Action item → Would you copy each line of the records that includes the word "exists"?

Material shown →
Lemma shS_lspan s t : lspan (shuffle_term s t) (shS s t).
Proof.
elim/last_ind: s t => [|s c IHs] t.
  by rewrite shS_nill; apply/shuffle_term_word/shuffle_inv_nill.
elim/last_ind: t => [|t d IHt].
  by rewrite shS_nilr; apply/shuffle_term_word/shuffle_inv_nilr.
have coh := coherent_run.
case: c IHt => IHt; last first.
  rewrite shS_rcons_b; apply: lspan_mulr (IHs _) => _ [r [m [-> hI]]].
  exists (rcons r false), m; split; first exact: wordH_rcons.
  by rewrite [run (rcons s _)]run_rcons [run (rcons r _)]run_rcons; apply: shuffle_inv_bl.
case: d IHt => IHt; last first.
  rewrite shS_rcons_ab; apply: lspan_mulr IHt => _ [r [m [-> hI]]].
  exists (rcons r false), m; split; first exact: wordH_rcons.
  by rewrite [run (rcons t _)]run_rcons [run (rcons r _)]run_rcons; apply: shuffle_inv_br.
rewrite shS_rcons_aa !mulrDl; apply: lspanD; first apply: lspanD.
- apply: lspan_mulr (IHs _) => _ [r [m [-> hI]]].
  exists (rcons r true), m; split; first exact: wordH_rcons.
  rewrite [run (rcons s _)]run_rcons [run (rcons r _)]run_rcons.
  by apply: shuffle_inv_al => //; rewrite run_rcons.
- apply: lspan_mulr IHt => _ [r [m [-> hI]]].
  exists (rcons r true), m; split; first exact: wordH_rcons.
  rewrite [run (rcons t _)]run_rcons [run (rcons r _)]run_rcons.
  by apply: shuffle_inv_ar => //; rewrite run_rcons.
- pose G g := exists r m, g = << hbar ^+ m.+1 *g FMonom r >> /\
    shuffle_inv (run s) (run t) (run r) m.
  apply: (lspan_mulr (G := G)); last first.
    by apply: lspan_scale (IHs t) => _ [r [m [-> hI]]]; exists r, m; rewrite malgZU exprS.
  move=> _ [r [m [-> hI]]]; exists (rcons r true), m.+1; split; first exact: wordH_rcons.
  by rewrite !run_rcons; apply: shuffle_inv_aa.
Qed.

Lemma run_cat s t : run (s ++ t) = foldl step (run s) t.
Proof. exact: foldl_cat. Qed.

Lemma foldl_step_a x k : endb x -> tail_a x = 0%N -> nonempty x ->
  foldl step x (nseq k true) = if k is 0 then x else
    State (zeros x).-1 false (zero_seen x) (bad x || zero_seen x && (1 < k)%N)
      (minn k 2) true (headb x).
Proof.
case: x => z e b p t n h /= -> -> ->.
elim: k => [//|k IH]; rewrite -addn1 nseqD foldl_cat IH /=.
case: k {IH} => [|k] /=; first by rewrite subn1 andbF orbF.
rewrite subn0 leq_min /= -orbA; congr (State _ _ _ (_ || _) _ _ _); last by lia.
by case: b; rewrite /= ?orbT ?addn1.
Qed.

Task answer →
  exists (rcons r false), m; split; first exact: wordH_rcons.
  exists (rcons r false), m; split; first exact: wordH_rcons.
  exists (rcons r true), m; split; first exact: wordH_rcons.
  exists (rcons r true), m; split; first exact: wordH_rcons.
- pose G g := exists r m, g = << hbar ^+ m.+1 *g FMonom r >> /\
    by apply: lspan_scale (IHs t) => _ [r [m [-> hI]]]; exists r, m; rewrite malgZU exprS.
  move=> _ [r [m [-> hI]]]; exists (rcons r true), m.+1; split; first exact: wordH_rcons.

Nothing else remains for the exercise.